Par exemple, les Etats-Unis ont trois organisations : ASCAP, BMI et la SESAC qui sont des organisations pour les droits de représentation ou PROS qui gèrent les œuvres jouées. Le Royaume-Uni de son côté a plusieurs organisations collectant différents types de redevances, alors que l’Allemagne n’a qu’une seule société la GEMA, récoltant toutes les redevances. Actuellement au Ghana, la Ghana Music Rights Organisation (GHAMRO) est la seule société de gestion collective[ii].
La collection de redevances au Ghana
La mise en place relativement tardive de la première société de gestion collective au Ghana, la Copyright Society of Ghana (COSGA) dans les années 80 souligne l’importance d’éduquer le public sur son fonctionnement, ses membres et comment adhérer. La Ghana Music Rights Organisation (GHAMRO) a reçu l’autorisation de gérer les droits de propriétaires de musique en 2011 reprenant le mandat de la COSGA[iii]. Beaucoup de controverses et d’allégations de mauvaise gestion avaient affecté la COSGA. Il était donc nécessaire de bien rédiger la loi sur les droits d’auteurs et de former un bureau intérimaire afin d’aider dans la mise en place d’une organisation plus efficace.
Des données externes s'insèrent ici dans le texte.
(* Let $\mathcal T$ be an orbital category. The poset $\mathrm{wIndSys}_{\mathcal T}$ is a lattice; meets are given by intersections ($(\mathcal C\wedge\mathcal D)_V=\mathcal C_V\cap\mathcal D_V$), and the join of weak indexing systems $\mathcal C,\mathcal D$ is $$\mathcal C\vee\mathcal D=\bigcup_{n\in\mathbb N}\big(\widehat{\mathrm{Cl}}_{\mathcal C}\widehat{\mathrm{Cl}}_{\mathcal D}\big)^{n}(\mathcal C\cup\mathcal D),$$ where $(\widehat{\mathrm{Cl}}_{\mathcal C}\widehat{\mathrm{Cl}}_{\mathcal D})^n$ denotes the $2n$-fold alternating composite $\widehat{\mathrm{Cl}}_{\mathcal C}\widehat{\mathrm{Cl}}_{\mathcal D}\cdots\widehat{\mathrm{Cl}}_{\mathcal C}\widehat{\mathrm{Cl}}_{\mathcal D}$.
   Context: For a small category $\mathcal T$, $\mathbb F_{\mathcal T}$ is the full subcategory of $\mathrm{Fun}(\mathcal T^{op},\mathrm{Set})$ on finite coproducts of representables; $\mathcal T$ is orbital if $\mathbb F_{\mathcal T}$ has pullbacks. $\mathbb F_V:=\mathbb F_{\mathcal T,/V}$, $*_V$ terminal; for $U\to V$, $\mathrm{Res}^V_U$ is pullback and $\mathrm{Ind}^V_U$ postcomposition. A collection $\mathcal C$ assigns to each $V\in\mathcal T$ a class $\mathcal C_V$ of objects of $\mathbb F_V$; unions are taken pointwise. For $S\in\mathbb F_V$ with orbits $U\in\mathrm{Orb}(S)$ (each with its map $U\to V$) and $T_U\in\mathbb F_U$, $\coprod_U^ST_U:=\coprod_U\mathrm{Ind}_U^VT_U$. A full $\mathcal T$-subcategory is a collection of isomorphism-closed classes stable under restriction. A $\mathcal T$-weak indexing system is a full $\mathcal T$-subcategory $\mathcal C$ with $\mathcal C_V\neq\emptyset\Rightarrow *_V\in\mathcal C_V$ and closed under $\coprod^S_UT_U$ for $S\in\mathcal C_V$, $T_U\in\mathcal C_U$; $\mathrm{wIndSys}_{\mathcal T}$ is their poset under inclusion. For collections $\mathcal C,\mathcal E$: $\mathrm{Cl}_{\mathcal C,0}(\mathcal E)=\mathcal E$, $\mathrm{Cl}_{\mathcal C,n}(\mathcal E)_V=\{\coprod^S_UT_U\mid S\in\mathcal C_V,\ T_U\in\mathrm{Cl}_{\mathcal C,n-1}(\mathcal E)_U\ \forall U\}$, $\mathrm{Cl}_{\mathcal C}(\mathcal E)=\bigcup_n\mathrm{Cl}_{\mathcal C,n}(\mathcal E)$, and $\widehat{\mathrm{Cl}}_{\mathcal C}(\mathcal E):=\mathcal E\cup\mathrm{Cl}_{\mathcal C}(\mathcal E)$. *)

From mathcomp Require Import all_boot.
Set Implicit Arguments. Unset Strict Implicit. Unset Printing Implicit Defensive.


Record smallcat := SmallCat {
  Ob : Type;
  Hom : Ob -> Ob -> Type;
  idm : forall a, Hom a a;
  comp : forall x y z, Hom y z -> Hom x y -> Hom x z;
  comp_idl : forall a b (f : Hom a b), comp (idm b) f = f;
  comp_idr : forall a b (f : Hom a b), comp f (idm a) = f;
  compA : forall a b c d (h : Hom c d) (g : Hom b c) (f : Hom a b),
      comp h (comp g f) = comp (comp h g) f }.
Arguments idm {_} _.
Arguments comp {_ _ _ _} _ _.

Section FT.
Variable T : smallcat.

(** * F_T : finite coproducts of representables.
    An object is a finite family of objects of T (its orbits); by Yoneda a map
    coprod_i y(X_i) -> coprod_j y(Y_j) is, for each i, a choice of j and of a
    map X_i -> Y_j in T. *)
Record FObj := FO { fidx : finType; fob : fidx -> Ob T }.

Arguments fob : clear implicits.
Definition FHom (X Y : FObj) :=
  forall i : fidx X, {j : fidx Y & Hom (fob X i) (fob Y j)}.

Definition fcomp (X Y Z : FObj) (g : FHom Y Z) (f : FHom X Y) : FHom X Z :=
  fun i => existT _ (projT1 (g (projT1 (f i))))
                    (comp (projT2 (g (projT1 (f i)))) (projT2 (f i))).

Definition fid (X : FObj) : FHom X X := fun i => existT _ i (idm (fob X i)).

Arguments fid : clear implicits.
Definition feq (X Y : FObj) (f g : FHom X Y) := forall i, f i = g i.

Definition IsPullback (A B C P : FObj) (f : FHom A C) (g : FHom B C)
    (p1 : FHom P A) (p2 : FHom P B) : Prop :=
  feq (fcomp f p1) (fcomp g p2) /\
  forall (Q : FObj) (q1 : FHom Q A) (q2 : FHom Q B),
    feq (fcomp f q1) (fcomp g q2) ->
    exists u : FHom Q P,
      [/\ feq (fcomp p1 u) q1, feq (fcomp p2 u) q2 &
          forall u' : FHom Q P, feq (fcomp p1 u') q1 -> feq (fcomp p2 u') q2 ->
                                feq u' u].

Definition orbital : Prop :=
  forall (A B C : FObj) (f : FHom A C) (g : FHom B C),
    exists (P : FObj) (p1 : FHom P A) (p2 : FHom P B), IsPullback f g p1 p2.

Record FV (V : Ob T) := FVo {
  vidx : finType; vob : vidx -> Ob T; vstr : forall i, Hom (vob i) V }.

Definition under (V : Ob T) (X : FV V) : FObj := FO (@vob V X).
Arguments under {V} X.

Definition sing (V : Ob T) : FObj := @FO unit (fun _ => V).

Definition strF (V : Ob T) (X : FV V) : FHom (under X) (sing V) :=
  fun i => existT (fun _ : unit => Hom (vob i) V) tt (vstr i).
Arguments strF {V} X.

Definition homF (U V : Ob T) (u : Hom U V) : FHom (sing U) (sing V) :=
  fun _ => existT (fun _ : unit => Hom U V) tt u.

Definition overV (V : Ob T) (X Y : FV V) (f : FHom (under X) (under Y)) :=
  feq (fcomp (strF Y) f) (strF X).

Definition FViso (V : Ob T) (X Y : FV V) : Prop :=
  exists (f : FHom (under X) (under Y)) (g : FHom (under Y) (under X)),
    [/\ overV f, overV g, feq (fcomp g f) (fid (under X)) & feq (fcomp f g) (fid (under Y))].

Definition termV (V : Ob T) : FV V := @FVo V unit (fun _ => V) (fun _ => idm V).

Definition IsRes (U V : Ob T) (u : Hom U V) (X : FV V) (Y : FV U) : Prop :=
  exists p1 : FHom (under Y) (under X), IsPullback (strF X) (homF u) p1 (strF Y).

Definition Ind (U V : Ob T) (u : Hom U V) (Y : FV U) : FV V :=
  @FVo V (vidx Y) (@vob U Y) (fun i => comp u (vstr i)).

Definition bigcoprod (V : Ob T) (I : finType) (X : I -> FV V) : FV V :=
  @FVo V {i : I & vidx (X i)} (fun p => vob (projT2 p))
       (fun p => vstr (projT2 p)).

Definition coprodS (V : Ob T) (S : FV V) (Tf : forall i : vidx S, FV (vob i)) : FV V :=
  bigcoprod (fun i => Ind (vstr i) (Tf i)).

Definition Collection := forall V : Ob T, FV V -> Prop.
Unset Implicit Arguments.

Definition unionC (C D : Collection) : Collection := fun V X => C V X \/ D V X.
Definition meetC (C D : Collection) : Collection := fun V X => C V X /\ D V X.
Definition leC (C D : Collection) : Prop := forall V X, C V X -> D V X.

Definition fullSub (C : Collection) : Prop :=
  (forall V (X Y : FV V), FViso X Y -> C V X -> C V Y) /\
  (forall U V (u : Hom U V) (X : FV V) (Y : FV U), IsRes u X Y -> C V X -> C U Y).

Definition isWIS (C : Collection) : Prop :=
  [/\ fullSub C,
      (forall V (X : FV V), C V X -> C V (termV V)) &
      (forall V (S : FV V) (Tf : forall i : vidx S, FV (vob i)),
          C V S -> (forall i, C (vob i) (Tf i)) -> C V (coprodS Tf))].

(** Cl_{C,n}(E) ; coproducts are taken up to isomorphism in F_V *)
Fixpoint Cln (C E : Collection) (n : nat) : Collection :=
  match n with
  | 0 => E
  | n'.+1 => fun V X =>
      exists (S : FV V) (Tf : forall i : vidx S, FV (vob i)),
        [/\ C V S, (forall i, Cln C E n' (vob i) (Tf i)) & FViso X (coprodS Tf)]
  end.

Definition Cl (C E : Collection) : Collection := fun V X => exists n, Cln C E n V X.
Definition ClHat (C E : Collection) : Collection := unionC E (Cl C E).

Definition joinC (C D : Collection) : Collection :=
  fun V X => exists n : nat,
    iter n (fun E => ClHat C (ClHat D E)) (unionC C D) V X.

End FT.
Arguments unionC {T} C D V X.
Arguments meetC {T} C D V X.
Arguments leC {T} C D.
Arguments fullSub {T} C.
Arguments isWIS {T} C.
Arguments Cln {T} C E n V X.
Arguments Cl {T} C E V X.
Arguments ClHat {T} C E V X.
Arguments joinC {T} C D V X.

From mathcomp Require Import all_boot.
From Stdlib Require Import Eqdep IndefiniteDescription Setoid Morphisms.
Set Implicit Arguments. Unset Strict Implicit. Unset Printing Implicit Defensive.

(** Meets are intersections, since every closure condition of a weak indexing
    system is inherited by intersections.  For joins, an upper bound of [C] and
    [D] is closed under coproducts indexed by its own objects, hence contains
    every stage of the alternating closure.  Conversely the union of the stages
    is a weak indexing system.  It is closed under restriction because in an
    orbital category restriction commutes with the coproducts [coprodS]: pulling
    a coproduct back along [U -> V] is a coproduct of pulled-back summands.  It
    is closed under coproducts because a finite family lies in a single stage, so
    a [C]- or [D]-indexed coproduct of it lies in the next stage; and a coproduct
    indexed by a closure object [S ~ coprodS_{S'} T'] reassociates into an
    [S']-indexed coproduct of [T']-indexed ones, once the family is transported
    along the isomorphism by restriction. *)

Section Slices.
Variable T : smallcat.
Implicit Types (A B C P Q X Y : FObj T) (U V W : Ob T).
(* Let $A\in\mathbb{R}^{m\times n}$ be semi-monotone (i.e. $A^{\dagger}\geq 0$). Let $A=B-C$ be a proper weak regular splitting and $A=U-V$ a proper regular splitting of $A$. If $A\geq 0$ and $B^{\dagger}\geq U^{\dagger}$, then $$\rho(B^{\dagger}C)\leq \rho(U^{\dagger}V)<1.$$
   Context: All matrices are real. $X^{\dagger}$ denotes the Moore–Penrose inverse of $X$, and $\rho(\cdot)$ the spectral radius. For a matrix $X$, $X\geq 0$ means that all entries of $X$ are nonnegative and at least one entry is positive; $X\geq Y$ means $X-Y\geq 0$. $R(X)$ and $N(X)$ denote range and null space. A splitting $A=U-V$ is proper if $R(U)=R(A)$ and $N(U)=N(A)$. It is a proper regular splitting if it is proper, $U^{\dagger}\geq 0$ and $V\geq 0$; it is a proper weak regular splitting if it is proper, $U^{\dagger}\geq 0$ and $U^{\dagger}V\geq 0$. *)

From HB Require Import structures.
From mathcomp Require Import all_boot all_order all_algebra.
From mathcomp Require Import complex.
From Stdlib Require Import ClassicalEpsilon.
Set Implicit Arguments. Unset Strict Implicit. Unset Printing Implicit Defensive.
Import Order.TTheory GRing.Theory Num.Theory.
Local Open Scope ring_scope.

Section Defs.
Variable R : rcfType.

Definition is_mpinv m n (A : 'M[R]_(m, n)) (X : 'M[R]_(n, m)) : Prop :=
  [/\ A *m X *m A = A, X *m A *m X = X, (A *m X)^T = A *m X & (X *m A)^T = X *m A].

(* The Moore-Penrose inverse A^dagger (it exists and is unique; chosen by epsilon) *)
Definition mpinv m n (A : 'M[R]_(m, n)) : 'M[R]_(n, m) :=
  epsilon (inhabits 0) (fun X => is_mpinv A X).

(* X >= 0 : all entries nonnegative and at least one entry positive *)
Definition mx_nonneg m n (X : 'M[R]_(m, n)) : Prop :=
  (forall i j, 0 <= X i j) /\ (exists i j, 0 < X i j).
Lemma unitmx_mxdiag (F : fieldType) (N : nat) (p : 'I_N -> nat)
    (B : forall m, 'M[F]_(p m)) :
  (forall m, B m \in unitmx) -> \mxdiag_(m < N) B m \in unitmx.
Proof.
move=> Bu; rewrite -row_free_unit /row_free rank_mxdiag.
by apply/eqP/eq_bigr => m _; apply: mxrank_unit.
Qed.

Lemma posdef_unitmx (R : realType) n (A : 'M[R]_n) : posdef A -> A \in unitmx.
Proof.
move=> Apd; rewrite unitmxE unitfE; apply/negP => /det0P [v v0 vA].
have := Apd v^T; rewrite trmx_eq0 v0 trmxK vA mul0mx mxE => /(_ isT).
by rewrite ltxx.
Qed.

Theorem theorem1 (R : realType) (N : nat) (p : 'I_N -> nat)
  (MB SB : forall m : 'I_N, 'M[R]_(p m))
  (MF SF : 'M[R]_(\sum_(m < N) p m)) :
  (forall m : 'I_N, posdef (MB m)) ->
  (forall m : 'I_N, posdef (SB m)) ->
  let MD := \mxdiag_(m < N) MB m in
  let SD := \mxdiag_(m < N) SB m in
  (forall (xi : 'I_(\sum_(m < N) p m) -> R -> R),
      (forall i, smooth (xi i)) ->
      forall t : R, trunc_err_O_delta MD SD MF SF xi t)
  /\
  (spectral_radius (invmx MD *m MF) < 1 -> zero_stable MD MF).
Proof.
move=> MBpd _ MD SD; split; first exact: trunc_err_O_delta_smooth.
apply: zero_stable_spectral_radius_lt1.
by apply: unitmx_mxdiag => m; apply: posdef_unitmx.
Qed.
Lemma band_lay_h u k r x : band_lay u k (hshift r x) = band_lay u k x.
Proof. by case: r. Qed.

Lemma band_lay_up u k x : band_lay u k.+1 x -> k < 5 -> band_lay u k (vshift u x).
Proof.
case: u => Lx k_lt5; move: Lx; first exact: layU.
by rewrite /band_lay /= subSS (@subSn k 4 k_lt5); apply: layD.
Qed.

Lemma band_lay_down u k x : band_lay u k x -> k < 5 -> band_lay u k.+1 (vshift (~~ u) x).
Proof.
case: u => Lx k_lt5; move: Lx; first exact: layD.
by rewrite /band_lay /= subSS (@subSn k 4 k_lt5); apply: layU.
Qed.

Lemma band_lay_eq u u' k k' x : band_lay u k x -> band_lay u' k' x ->
  k < 3 -> k' < 3 -> k = k' /\ (u = u' \/ k = 0 /\ q = 5).
Proof.
rewrite /band_lay /lay => /eqP -> /eqP Lx' k_lt3 k'_lt3; move: Lx'.
have [->|q_neq5] := eqVneq q 5.
  by case: u u' k k' k_lt3 k'_lt3 => [] [] [|[|[|//]]] [|[|[|//]]] //= _ _; auto.
have q_gt5 : 5 < q by rewrite ltn_neqAle eq_sym q_neq5.
by case: u u' => [] [] /=; rewrite !modn_small //; lia.
Qed.

Lemma ladder_cross u x : band_lay u 2 x -> band_lay (~~ u) 2 (vshift (~~ u) x).
Proof. by case: u; [apply: (@layD 2)|apply: (@layU 2)]. Qed.

Section Completion.
Variables (M N : {set {set V}}) (c : seq V).
Hypotheses (M_pm : perfect_matching (torus_adj p q) M)
           (N_pm : perfect_matching (torus_adj p q) N).
Hypotheses (c_ham : hamiltonian_cycle (torus_adj p q) c)
           (MN_c : M :|: N = cycle_edges c).
Hypothesis M_special : special_matching_cond p q M.

Local Notation m := (mate M).
Local Notation n := (mate N).

Lemma mK : involutive m. Proof. exact: mateK M_pm. Qed.
Lemma nK : involutive n. Proof. exact: mateK N_pm. Qed.
Lemma m_neq_n x : m x <> n x. Proof. exact: (ham_mate_neq M_pm N_pm c_ham MN_c (x := x)). Qed.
La GHAMRO a reçu la certification et le mandat de restructurer et établir des systèmes d’opération à ces fins. Ce changement important a été bien accueilli parce que la COSGA était tombé sous la compétence du Procureur-Général[iv] et gérée par le Bureau des droits d’auteurs du Ghana (Ghana Copyright Office)[v] au lieu d’être reconnu comme une entité indépendante et gérée par ses parties prenantes. Les fonctions du Bureau des Droits d’Auteurs comprennent maintenant la loi sur les droits d’auteurs, l’enregistrement d’œuvres créatives et l’assistance dans l’éducation des droits d’auteurs et d’autres droits. Le Bureau sert aussi d’arbitre et de liaison entre le Bureau du Procureur Général et les industries créatives.
Difficultés
La GHAMRO, qui se trouve dans sa troisième année d’opération, connait les mêmes problèmes et allégations qui ont ébranlé la COSGA avant elle. Les problèmes pointés par les différentes parties prenantes comprennent : l’absence de transparence et de responsabilité ; le besoin du bureau intérimaire de passer le relai à un Conseil de gestion et la légitimité de sa présente constitution[vi]. Son présent bureau a été attaqué en justice en 2014[vii]. Même si cela semble avoir entravé le progrès de la GHAMRO dans une certaine mesure, les agitations et les intérêts soudains et croissants des actionnaires sont peut-être un pas dans la bonne direction. Cela a conduit à des remises en question, des clarifications et des prises de responsabilités.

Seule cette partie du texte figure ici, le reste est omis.